• _Assigned task_: Return exactly those lines of the material below that fall between the line holding "assert (E1 : forall" and the line holding "apply (is_derive_0_const (fun t => g t", inclusive.

• _Supplied entries_:
Lemma next_next_neq (A : eqType) (c : seq A) x :
  uniq c -> 3 <= size c -> x \in c -> next c (next c x) != x.
Proof.
case: c => [//|x0 c'] uc sc xc; set c := x0 :: c' in uc sc xc *.
have sz : size c = (size c').+1 by [].
have ex : nth x0 c (index x c) = x by rewrite nth_index.
have nu i j : i < size c -> j < size c -> (nth x0 c i == nth x0 c j) = (i == j).
  by move=> hi hj; rewrite nth_uniq.
have hi : index x c < size c by rewrite index_mem.
rewrite (next_cons_nth xc).
case: (ltnP (index x c).+1 (size c)) => h1.
  have yc : nth x0 c (index x c).+1 \in c by rewrite mem_nth.
  rewrite (next_cons_nth yc) index_uniq //.
  case: (ltnP (index x c).+2 (size c)) => h2; first by rewrite -{2}ex nu //; lia.
  rewrite nth_cons_default; last by lia.
  by rewrite -ex -[X in X != _]/(nth x0 c 0) nu //; lia.
rewrite -/c nth_cons_default; last by lia.
rewrite (next_cons_nth (mem_head x0 c')) /= eqxx.
by rewrite -ex -[nth x0 c' 0]/(nth x0 c 1) nu //; lia.
Qed.

Variables (T : finType) (e : rel T).

(* An odd cycle is not 2-colourable: colours alternate along the cycle. *)
Lemma odd_cycle_not_2colorable (c : seq T) :
  uniq c -> odd (size c) -> (forall x, x \in c -> e x (next c x)) ->
  ~ colorable_on e [set x in c] 2.
Proof.
case: c => [//|x0 c'] uc oc he [f [f2 fP]]; set c := x0 :: c' in uc oc he f2 fP.
have sz : size c = (size c').+1 by [].
pose g i := f (nth x0 c i).
have inc i : i < size c -> nth x0 c i \in [set x in c] by rewrite inE => /mem_nth ->.
have g2 i : i < size c -> g i < 2 by move=> /inc /f2.
have step i : i < size c' -> g i.+1 != g i.
  move=> hi; have hi1 : i < size c by rewrite sz ltnW.
  have hi2 : i.+1 < size c by rewrite sz.
  rewrite /g eq_sym; apply: fP; [exact: inc | exact: inc |].
  by have := he _ (mem_nth x0 hi1); rewrite next_cons_nth ?mem_nth // index_uniq.
have alt i : i <= size c' -> g i = if odd i then 1 - g 0 else g 0.
  elim: i => [|i IH] hi //.
  have := step i hi; rewrite IH 1?ltnW //.
  have := g2 0 isT; have := g2 i.+1; rewrite sz ltnS => /(_ hi).
  by rewrite oddS; case: (odd i) => /=; lia.
have lc : nth x0 c (size c') \in c by rewrite mem_nth.
have := he _ lc; rewrite next_cons_nth // index_uniq // nth_cons_default // => el.
have := fP _ _ (inc _ (ltnSn _)) (inc 0 isT) el; rewrite -/(g _) -/(g 0) alt //.
by move: oc; rewrite sz /= => /negPf ->; rewrite eqxx.
Qed.

(* A cycle is 3-colourable: alternate 0, 1 and give the last vertex 2. *)
Lemma cycle_3colorable (c : seq T) : uniq c -> 3 <= size c ->
  (forall x y, x \in c -> y \in c -> e x y -> (y == next c x) || (x == next c y)) ->
  colorable_on e [set x in c] 3.
Proof.
case: c => [//|x0 c'] uc sc he; set c := x0 :: c' in uc sc he *.
pose col x := if index x c == (size c).-1 then 2 else (odd (index x c) : nat).
have key x : x \in c -> col x != col (next c x).
  move=> xc; have hi : index x c < size c by rewrite index_mem.
  rewrite next_cons_nth // -/c.
  case: (ltnP (index x c).+1 (size c)) => h1.
    rewrite /col index_uniq //.
    have -> : (index x c == (size c).-1) = false by apply/negbTE; lia.
    by case: ifP => _ /=; case: odd.
  rewrite nth_cons_default; last by rewrite /= ltnS in h1.
  rewrite /col /= eqxx.
  have -> : (index x c == (size c).-1) = true by apply/eqP; lia.
  by have -> : (0 == (size c').+1.-1) = false by apply/negbTE; rewrite /= in sc; lia.
exists col; split=> [x _|x y]; first by rewrite /col; case: ifP => //; case: odd.
rewrite !inE => xc yc exy.
by case/orP: (he x y xc yc exy) => /eqP ->; [|rewrite eq_sym]; apply: key.
Qed.

Lemma cycle_inner_edges (c : seq T) : uniq c -> 3 <= size c ->
  (forall x y, x \in c -> y \in c -> e x y = (y == next c x) || (x == next c y)) ->
  #|inner_edges e [set x in c]| = size c.
Proof.
move=> uc sc he.
have -> : inner_edges e [set x in c] = [set [set x; next c x] | x in [set x in c]].
  apply/setP => E; apply/idP/imsetP.
    rewrite !inE => /andP [/edgeP [x [y [exy ->]]] /subsetP sub].
    have xc : x \in c by have := sub x; rewrite !inE eqxx => /(_ isT).
    have yc : y \in c by have := sub y; rewrite !inE eqxx orbT => /(_ isT).
    move: exy; rewrite he // => /orP [] /eqP ->; first by exists x; rewrite ?inE.
    by exists y; rewrite ?inE // setUC.
  move=> [x]; rewrite inE => xc ->; rewrite !inE; apply/andP; split.
    by apply/edgeP; exists x, (next c x); split=> //; rewrite he ?mem_next ?eqxx.
  by apply/subsetP => z; rewrite !inE => /orP [] /eqP ->; rewrite ?mem_next.
rewrite card_in_imset; first by rewrite cardsE; apply/card_uniqP.
move=> x y; rewrite !inE => xc yc E; apply/eqP/negPn/negP => xy.
have := set2_eq E; rewrite (negbTE xy) /= => /eqP xny.
move/setP: E => /(_ y); rewrite !inE eqxx /= (eq_sym y x) (negbTE xy) /= => /eqP ynx.
by move: (next_next_neq uc sc xc); rewrite -ynx -xny eqxx.
Qed.

End OddCycles.

Lemma free_colour (L : seq nat) j : size L < j -> exists2 c, c < j & c \notin L.
Proof.
move=> hL; case: (boolP (all (mem L) (iota 0 j))) => hall; last first.
  by have [c] := allPn hall; rewrite mem_iota add0n => cj cL; exists c.
have : size (iota 0 j) <= size L.
  by apply: uniq_leq_size (iota_uniq _ _) _ => z; move/allP: hall => /(_ z).
by rewrite size_iota; lia.
Qed.

Section CriticalSets.
Variables (T : finType) (e : rel T).
Hypotheses (sym_e : symmetric e) (irr_e : irreflexive e).

Definition critical_set (j : nat) (W : {set T}) :=
  ~ colorable_on e W j /\ forall B : {set T}, B \proper W -> colorable_on e B j.

Lemma critical_subset_exists j (A : {set T}) :
  ~ colorable_on e A j -> exists2 W : {set T}, W \subset A & critical_set j W.
Proof.
move: {2}#|A| (leqnn #|A|) => N; elim: N A => [|N IH] A hA nA.
  by exists A => //; split=> // B /proper_card; lia.
case: (classic (forall B : {set T}, B \proper A -> colorable_on e B j)) => H.
  by exists A.
have [B HB] := not_all_ex_not _ _ H.
have [pB nB] := imply_to_and _ _ HB.
have [|W sWB cW] := IH B _ nB; first by have := proper_card pB; lia.
by exists W => //; apply: subset_trans sWB (proper_sub pB).
Qed.

Lemma critical_nonempty j (W : {set T}) : critical_set j W -> W != set0.
Proof.
by move=> [nW _]; apply/negP => /eqP W0; apply: nW; rewrite W0; apply: colorable_on0.
Qed.

Lemma critical_card j (W : {set T}) : critical_set j W -> j < #|W|.
Proof.
move=> [nW _]; rewrite ltnNge; apply/negP => h.
by apply: nW; apply: colorable_on_mon h (colorable_on_card W irr_e).
Qed.
Lemma C2_extension (a b : R) (f f1 f2 F : R -> R) :
  a < b -> (forall x, continuous F x) ->
  (forall x, a < x < b -> is_derive f x (f1 x) /\ is_derive f1 x (f2 x) /\ f2 x = F x) ->
  exists g g1 : R -> R,
    (forall x, is_derive g x (g1 x) /\ is_derive g1 x (F x)) /\
    (forall x, a < x < b -> g x = f x /\ g1 x = f1 x).
Proof.
  intros Hab HF Hf.
  set (m := (a + b) / 2). assert (Hm : a < m < b) by (unfold m; lra).
  set (g1 := fun t => f1 m + RInt F m t).
  assert (Hg1 : forall x, is_derive g1 x (F x)) by apply is_derive_primitive, HF.
  set (g := fun t => f m + RInt g1 m t).
  assert (Hg : forall x, is_derive g x (g1 x))
    by (apply is_derive_primitive; intros x; exact (is_derive_continuous _ _ _ (Hg1 x))).
  assert (Hg1m : g1 m = f1 m) by (unfold g1; rewrite RInt_point; unfold zero; simpl; ring).
  assert (Hgm : g m = f m) by (unfold g; rewrite RInt_point; unfold zero; simpl; ring).
  assert (E1 : forall x, a < x < b -> g1 x = f1 x).
  { intros x Hx. enough (g1 x - f1 x = g1 m - f1 m) by lra.
    apply (is_derive_0_const (fun t => g1 t - f1 t) a b); [| exact Hm | exact Hx].
    intros z Hz. destruct (Hf z Hz) as (_ & D & E). rewrite E in D. pose proof (Hg1 z).
    auto_derive_using. ring. }
  exists g, g1. split; [intros x; split; auto |].
  intros x Hx. split; [| exact (E1 x Hx)].
  enough (g x - f x = g m - f m) by lra.
  apply (is_derive_0_const (fun t => g t - f t) a b); [| exact Hm | exact Hx].
  intros z Hz. destruct (Hf z Hz) as (D & _). rewrite <- (E1 z Hz) in D. pose proof (Hg z).
  auto_derive_using. ring.
Qed.
(* Let $\mathcal{H}=(X,\mathcal{E})$ be a hyperstar, and let $c^*\in X$ be a vertex contained in every edge of $\mathcal{H}$. Let $\mathcal{H}^-=(X\setminus\{c^*\},\{E\setminus\{c^*\}:E\in\mathcal{E}\})$. Then $\mathrm{dec}(\mathcal{H})=\tau(\mathcal{H}^-)=\tau_2(\mathcal{H})-1$ and $\overline{\chi}(\mathcal{H})=\alpha(\mathcal{H}^-)+1$.
   Context: A hypergraph $\mathcal{H}=(X,\mathcal{E})$ has a finite vertex set $X$, $|X|=n$, and edges that are subsets of $X$ with at least 2 vertices; it is a hyperstar if some vertex lies in every edge. A C-coloring is a map $\varphi:X\to\mathbb{N}$ such that every edge contains two distinct vertices of the same color; $\overline{\chi}(\mathcal{H})$ is the maximum number of colors in a C-coloring and $\mathrm{dec}(\mathcal{H})=n-\overline{\chi}(\mathcal{H})$. For a set system (possibly with edges of size 1), $\tau$ is the minimum size of a vertex set meeting every edge and $\alpha$ is the maximum size of a vertex set containing no edge entirely. $\tau_2(\mathcal{H})$ is the minimum size of a set $T\subseteq X$ with $|E\cap T|\ge 2$ for every edge $E$. *)

From mathcomp Require Import all_boot.
Set Implicit Arguments. Unset Strict Implicit. Unset Printing Implicit Defensive.

(* A hypergraph H = (X, E): vertex set X = all of the finite type T,
   edge family E : {set {set T}}; each edge must have >= 2 vertices. *)
Definition is_hypergraph (T : finType) (E : {set {set T}}) : Prop :=
  forall e, e \in E -> 1 < #|e|.

Definition is_hyperstar (T : finType) (E : {set {set T}}) : Prop :=
  exists c : T, forall e, e \in E -> c \in e.

(* C-coloring: every edge contains two distinct vertices of the same color.
   Colors are taken in 'I_#|T| (no loss: a coloring uses at most |X| colors,
   and only the number of colors matters). *)
Definition C_coloring (T : finType) (E : {set {set T}}) (f : {ffun T -> 'I_#|T|}) : bool :=
  [forall e in E, [exists x in e, [exists y in e, (x != y) && (f x == f y)]]].

Definition ncolors (T : finType) (f : {ffun T -> 'I_#|T|}) : nat :=
  #|f @: [set: T]|.

Definition chibar (T : finType) (E : {set {set T}}) : nat :=
  \max_(f : {ffun T -> 'I_#|T|} | C_coloring E f) ncolors f.

Definition dec (T : finType) (E : {set {set T}}) : nat := #|T| - chibar E.

(* Transversal number of the set system (V, F) (edges may have size 1):
   minimum size of S \subset V meeting every edge.  (V itself is always
   feasible when the edges are nonempty subsets of V, so the default #|V|
   of the min is never the binding value then.) *)
Definition tau (T : finType) (V : {set T}) (F : {set {set T}}) : nat :=
  \big[minn/#|V|]_(S : {set T} | (S \subset V) && [forall e in F, S :&: e != set0]) #|S|.

Definition alpha (T : finType) (V : {set T}) (F : {set {set T}}) : nat :=
  \max_(S : {set T} | (S \subset V) && [forall e in F, ~~ (e \subset S)]) #|S|.

Definition tau2 (T : finType) (E : {set {set T}}) : nat :=
  \big[minn/#|T|]_(S : {set T} | [forall e in E, 1 < #|e :&: S|]) #|S|.

Definition minus_vertices (T : finType) (c : T) : {set T} := [set~ c].
Definition minus_edges (T : finType) (E : {set {set T}}) (c : T) : {set {set T}} :=
  [set e :\ c | e in E].

From mathcomp Require Import all_boot zify.
Set Implicit Arguments. Unset Strict Implicit. Unset Printing Implicit Defensive.

(* Choosing one vertex of each colour of a C-coloring other than the colour
   of the centre c gives a set S on which the colouring is injective and
   which misses the colour of c; an edge E \ c inside S would leave no room
   for two equally coloured vertices of E, so S is independent in H^-.
   Conversely, colouring an independent set S of H^- injectively and all other
   vertices like c is a C-coloring, as each edge has a vertex other than c
   outside S.  Hence chibar(H) = alpha(H^-) + 1, and dec(H) = tau(H^-) because
   complements of transversals are independent, so tau + alpha = |X \ c|.
   Finally c plus a transversal of H^- is a 2-transversal of H, and a
   2-transversal minus c (or minus any vertex if c is absent) is a
   transversal of H^-, whence tau_2(H) = tau(H^-) + 1. *)

Section BigMinn.

Variables (I : finType) (P : pred I) (F : I -> nat) (d : nat).

Lemma bigminn_le i : P i -> \big[minn/d]_(j | P j) F j <= F i.
Proof.
move=> Pi; rewrite -big_filter.
have : i \in filter P (index_enum I) by rewrite mem_filter Pi mem_index_enum.
elim: (filter _ _) => //= j s IHs; rewrite inE big_cons => /predU1P[<-|/IHs].
  exact: geq_minl.
exact/leq_trans/geq_minr.
Qed.

Lemma bigminn_le_idx : \big[minn/d]_(j | P j) F j <= d.
Proof. by elim/big_rec: _ => // i x _ lexd; rewrite geq_min lexd orbT. Qed.

Lemma leq_bigminn m :
  m <= d -> (forall i, P i -> m <= F i) -> m <= \big[minn/d]_(j | P j) F j.
Proof.
by move=> le_md le_mF; elim/big_ind: _ => // x y; rewrite leq_min => ->.
Qed.

Lemma bigminn_predn :
  (\big[minn/d]_(j | P j) F j).-1 = \big[minn/d.-1]_(j | P j) (F j).-1.
Proof. by apply: (big_morph predn) => // x y; lia. Qed.

End BigMinn.

Lemma bigmax_attained (I : finType) (P : pred I) (F : I -> nat) i0 :
  P i0 -> exists2 i, P i & \max_(j | P j) F j = F i.
Proof.
move=> Pi0; rewrite (bigmax_eq_arg i0) //.
by case: arg_maxnP => // i Pi _; exists i.
Qed.

Lemma exists_section (aT rT : finType) (f : aT -> rT) (A : {set rT}) :
  A \subset f @: [set: aT] ->
  exists2 S : {set aT}, {in S &, injective f} & f @: S = A.
Proof.
move=> sAf; pose S := [set x | (f x \in A) && ([pick y | f y == f x] == Some x)].
exists S.
  move=> x y; rewrite !inE => /andP[_ /eqP px] /andP[_ /eqP py] fxy.
  by apply: Some_inj; rewrite -px -py fxy.
apply/setP => i; apply/imsetP/idP => [[x] | iA].
  by rewrite inE => /andP[fxA _] ->.
have /imsetP[z _ iz] := subsetP sAf i iA.
suff [y fyz pick_y] : exists2 y, f y = f z & [pick y | f y == f z] = Some y.
  by exists y; rewrite ?inE fyz ?pick_y -?iz ?iA ?eqxx.
by case: pickP => [y /eqP fyz|/(_ z)]; [exists y | rewrite eqxx].
Qed.

Section SetSystem.

Variables (T : finType) (V : {set T}) (F : {set {set T}}).

Definition transversal (S : {set T}) : bool :=
  (S \subset V) && [forall e in F, S :&: e != set0].

Definition independent (S : {set T}) : bool :=
  (S \subset V) && [forall e in F, ~~ (e \subset S)].

Lemma tau_le S : transversal S -> tau V F <= #|S|.
Proof. exact: bigminn_le. Qed.

Lemma tau_le_card : tau V F <= #|V|.
Proof. exact: bigminn_le_idx. Qed.

Lemma leq_tau m :
  m <= #|V| -> (forall S : {set T}, transversal S -> m <= #|S|) -> m <= tau V F.
Proof. exact: leq_bigminn. Qed.

Lemma leq_alpha S : independent S -> #|S| <= alpha V F.
Proof. exact: leq_bigmax_cond. Qed.

Lemma alpha_leq m :
  (forall S : {set T}, independent S -> #|S| <= m) -> alpha V F <= m.
Proof. by move=> le_Sm; apply/bigmax_leqP. Qed.

Lemma alpha_attained :
  independent set0 -> exists2 S : {set T}, independent S & alpha V F = #|S|.
Proof. exact: bigmax_attained. Qed.

Lemma card_setDC (S : {set T}) : S \subset V -> #|V :\: S| = #|V| - #|S|.
Proof. by move=> sSV; rewrite cardsD (setIidPr sSV). Qed.

Lemma independent_setDC S : transversal S -> independent (V :\: S).
Proof.
case/andP=> _ /forallP meetS; rewrite /independent subsetDl /=.
apply/forall_inP => e Fe.
have /set0Pn[x] := implyP (meetS e) Fe; rewrite inE => /andP[xS xe].
by apply/subsetPn; exists x; rewrite // inE xS.
Qed.

Hypothesis edges_sub : forall e, e \in F -> e \subset V.

Lemma transversal_setDC S : independent S -> transversal (V :\: S).
Proof.
case/andP=> _ /forallP notsubS; rewrite /transversal subsetDl /=.
apply/forall_inP => e Fe.
have /subsetPn[x xe xNS] := implyP (notsubS e) Fe.
by apply/set0Pn; exists x; rewrite !inE xNS xe (subsetP (edges_sub Fe)).
Qed.

Lemma tau_add_alpha : tau V F + alpha V F = #|V|.
Proof.
apply/eqP; rewrite eqn_leq; apply/andP; split.
  rewrite -leq_subRL ?tau_le_card //; apply: alpha_leq => S iS.
  have := tau_le (transversal_setDC iS); rewrite card_setDC; last by case/andP: iS.
  by have := subset_leq_card (proj1 (andP iS)); lia.
rewrite addnC -leq_subLR; apply: leq_tau => [|S tS]; first exact: leq_subr.
have := leq_alpha (independent_setDC tS); rewrite card_setDC; last by case/andP: tS.
by have := subset_leq_card (proj1 (andP tS)); lia.
Qed.

End SetSystem.

Definition two_transversal (T : finType) (E : {set {set T}}) S : bool :=
  [forall e in E, 1 < #|e :&: S|].

Lemma tau2_le (T : finType) (E : {set {set T}}) S :
  two_transversal E S -> tau2 E <= #|S|.
Proof. exact: bigminn_le. Qed.

Lemma tau2_le_card (T : finType) (E : {set {set T}}) : tau2 E <= #|T|.
Proof. exact: bigminn_le_idx. Qed.

Section Hyperstar.

Variables (T : finType) (E : {set {set T}}) (c : T).
Hypothesis centre : forall e, e \in E -> c \in e.

Local Notation V := (minus_vertices c).
Local Notation F := (minus_edges E c).

Lemma mem_minus_vertices x : (x \in V) = (x != c).
Proof. exact: in_setC1. Qed.

Lemma centre_notin_sub (S : {set T}) : S \subset V -> c \notin S.
Proof. by move/subsetP/(_ c)/contra; apply; rewrite in_setC1 eqxx. Qed.

Lemma card_minus_vertices : #|V| = #|T|.-1.
Proof. exact: cardsC1. Qed.

Lemma minus_edges_sub e : e \in F -> e \subset V.
Proof.
by case/imsetP=> e0 _ ->; apply/subsetP => x; rewrite in_setD1 in_setC1 => /andP[].
Qed.

Lemma independent_set0 : is_hypergraph E -> independent V F set0.
Proof.
move=> hyp; rewrite /independent sub0set; apply/forall_inP => _ /imsetP[e Ee ->].
rewrite subset0 -card_gt0; have := cardsD1 c e; rewrite centre //=.
by have := hyp e Ee; lia.
Qed.

Definition star_coloring (S : {set T}) : {ffun T -> 'I_#|T|} :=
  [ffun x => if x \in S then enum_rank x else enum_rank c].

Lemma star_coloring_C (S : {set T}) :
  independent V F S -> C_coloring E (star_coloring S).
Proof.
case/andP=> sSV /forallP notsubS; apply/forall_inP => e Ee.
have /subsetPn[x] := implyP (notsubS (e :\ c)) (imset_f _ Ee).
rewrite in_setD1 => /andP[xc xe] xNS.
have cNS := centre_notin_sub sSV.
apply/exists_inP; exists x => //.
apply/exists_inP; exists c; rewrite ?(centre Ee) //.
by rewrite xc !ffunE (negPf xNS) (negPf cNS) eqxx.
Qed.

Lemma ncolors_star_coloring (S : {set T}) :
  c \notin S -> ncolors (star_coloring S) = #|S|.+1.
Proof.
move=> cNS; rewrite /ncolors.
suff -> : star_coloring S @: [set: T] = enum_rank @: (c |: S).
  by rewrite card_imset ?cardsU1 ?cNS //; apply: enum_rank_inj.
apply/setP => i; apply/imsetP/imsetP => [[x _ ->]|[x + ->]].
  rewrite ffunE; case: ifP => xS; [exists x | exists c] => //.
    by rewrite !inE xS orbT.
  by rewrite !inE eqxx.
rewrite !inE => /predU1P[xc|xS]; exists x => //; rewrite ffunE ?xS //.
by rewrite xc (negPf cNS).
Qed.

Lemma rainbow_independent (f : {ffun T -> 'I_#|T|}) (S : {set T}) :
  C_coloring E f -> {in S &, injective f} -> f c \notin f @: S ->
  independent V F S.
Proof.
move=> fC injf fcNS.
have notc x : x \in S -> x != c.
  by move=> xS; apply: contraNneq fcNS => <-; apply: imset_f.
apply/andP; split.
  by apply/subsetP => x xS; rewrite mem_minus_vertices notc.
apply/forall_inP => _ /imsetP[e Ee ->]; apply/negP => sub_eS.
have memS z : z \in e -> z != c -> z \in S.
  by move=> ze zc; apply: (subsetP sub_eS); rewrite in_setD1 zc ze.
have /exists_inP[x xe /exists_inP[y ye /andP[xy /eqP fxy]]] := forall_inP fC e Ee.
have [xS|xNS] := boolP (x \in S); have [yS|yNS] := boolP (y \in S).
- by move: xy; rewrite (injf _ _ xS yS fxy) eqxx.
- have yc := contraNeq (memS y ye) yNS.
  by move: fcNS; rewrite -yc -fxy imset_f.
- have xc := contraNeq (memS x xe) xNS.
  by move: fcNS; rewrite -xc fxy imset_f.
- have xc := contraNeq (memS x xe) xNS; have yc := contraNeq (memS y ye) yNS.
  by move: xy; rewrite xc yc eqxx.
Qed.

Lemma ncolors_le_alpha (f : {ffun T -> 'I_#|T|}) :
  C_coloring E f -> ncolors f <= (alpha V F).+1.
Proof.
move=> fC; have [S injf imS] := exists_section (subD1set (f @: [set: T]) (f c)).
have fcNS : f c \notin f @: S by rewrite imS setD11.
have := leq_alpha (rainbow_independent fC injf fcNS).
rewrite -(card_in_imset injf) imS /ncolors (cardsD1 (f c) (f @: _)).
by rewrite (imset_f _ (in_setT c)).
Qed.

Lemma chibar_eq : is_hypergraph E -> chibar E = (alpha V F).+1.
Proof.
move=> hyp; apply/eqP; rewrite eqn_leq; apply/andP; split.
  by apply/bigmax_leqP => f; apply: ncolors_le_alpha.
have [S iS ->] := alpha_attained (independent_set0 hyp).
have cNS := centre_notin_sub (proj1 (andP iS)).
rewrite -(ncolors_star_coloring cNS).
exact: (leq_bigmax_cond (P := C_coloring E)) (star_coloring_C iS).
Qed.

Lemma two_transversal_setU1 (S : {set T}) :
  transversal V F S -> two_transversal E (c |: S).
Proof.
case/andP=> sSV /forallP meetS; apply/forall_inP => e Ee.
have /set0Pn[y] := implyP (meetS (e :\ c)) (imset_f _ Ee).
rewrite !inE => /and3P[yS yc ye].
have sub2 : [set c; y] \subset e :&: (c |: S).
  by apply/subsetP => z; rewrite !inE => /predU1P[->|/eqP->];
    rewrite ?eqxx ?(centre Ee) ?ye ?yS ?orbT.
by have := subset_leq_card sub2; rewrite cards2 eq_sym yc.
Qed.

Lemma transversal_setD1 (S : {set T}) x :
  two_transversal E S -> (c \in S -> x = c) -> transversal V F (S :\ x).
Proof.
move=> /forall_inP two_S cx; apply/andP; split.
  apply/subsetP => y; rewrite in_setD1 mem_minus_vertices => /andP[yx yS].
  by apply: contraNneq yx => yc; rewrite yc cx // -yc.
apply/forall_inP => _ /imsetP[e Ee ->].
have /card_gt0P[y] : 0 < #|(e :&: S) :\ x|.
  by have := two_S e Ee; rewrite (cardsD1 x); case: (x \in _) => /=; lia.
rewrite !inE => /and3P[yx ye yS]; apply/set0Pn; exists y.
rewrite !inE yx ye yS /= andbT.
by apply: contraNneq yx => yc; rewrite yc cx // -yc.
Qed.

Lemma tau_eq_pred_tau2 : tau V F = (tau2 E).-1.
Proof.
apply/eqP; rewrite eqn_leq; apply/andP; split.
  rewrite /tau2 bigminn_predn; apply: leq_bigminn => [|S two_S].
    by rewrite -card_minus_vertices tau_le_card.
  have [x cx cardSx] : exists2 x, (c \in S -> x = c) & #|S :\ x| <= #|S|.-1.
    have [cS|cNS] := boolP (c \in S).
      by exists c => //; rewrite (cardsD1 c S) cS.
    have [->|[x xS]] := set_0Vmem S.
      by exists c => //; rewrite cards0 leqn0 cards_eq0 -subset0 subD1set.
    by exists x => [cS|]; [case/negP: cNS | rewrite (cardsD1 x S) xS].
  exact: leq_trans (tau_le (transversal_setD1 two_S cx)) cardSx.
apply: leq_tau => [|S tS].
  by rewrite card_minus_vertices -!subn1; apply/leq_sub2r/tau2_le_card.
have cNS := centre_notin_sub (proj1 (andP tS)).
by have := tau2_le (two_transversal_setU1 tS); rewrite cardsU1 cNS /=; lia.
Qed.

End Hyperstar.

Theorem proposition2 (T : finType) (E : {set {set T}}) (c : T) :
  is_hypergraph E ->
  (forall e, e \in E -> c \in e) ->
  dec E = tau (minus_vertices c) (minus_edges E c) /\
  tau (minus_vertices c) (minus_edges E c) = tau2 E - 1 /\
  chibar E = alpha (minus_vertices c) (minus_edges E c) + 1.
Proof.
move=> hyp centre.
have chibarE := chibar_eq centre hyp.
have tau_alpha := tau_add_alpha (@minus_edges_sub T E c).
have cardT : 0 < #|T| by apply/card_gt0P; exists c.
split; last split.
- by rewrite /dec chibarE; move: tau_alpha; rewrite card_minus_vertices; lia.
- by rewrite subn1; apply: tau_eq_pred_tau2.
- by rewrite chibarE addn1.
Qed.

• _Answer to this exercise_:
  assert (E1 : forall x, a < x < b -> g1 x = f1 x).
  { intros x Hx. enough (g1 x - f1 x = g1 m - f1 m) by lra.
    apply (is_derive_0_const (fun t => g1 t - f1 t) a b); [| exact Hm | exact Hx].
    intros z Hz. destruct (Hf z Hz) as (_ & D & E). rewrite E in D. pose proof (Hg1 z).
    auto_derive_using. ring. }
  exists g, g1. split; [intros x; split; auto |].
  intros x Hx. split; [| exact (E1 x Hx)].
  enough (g x - f x = g m - f m) by lra.
  apply (is_derive_0_const (fun t => g t - f t) a b); [| exact Hm | exact Hx].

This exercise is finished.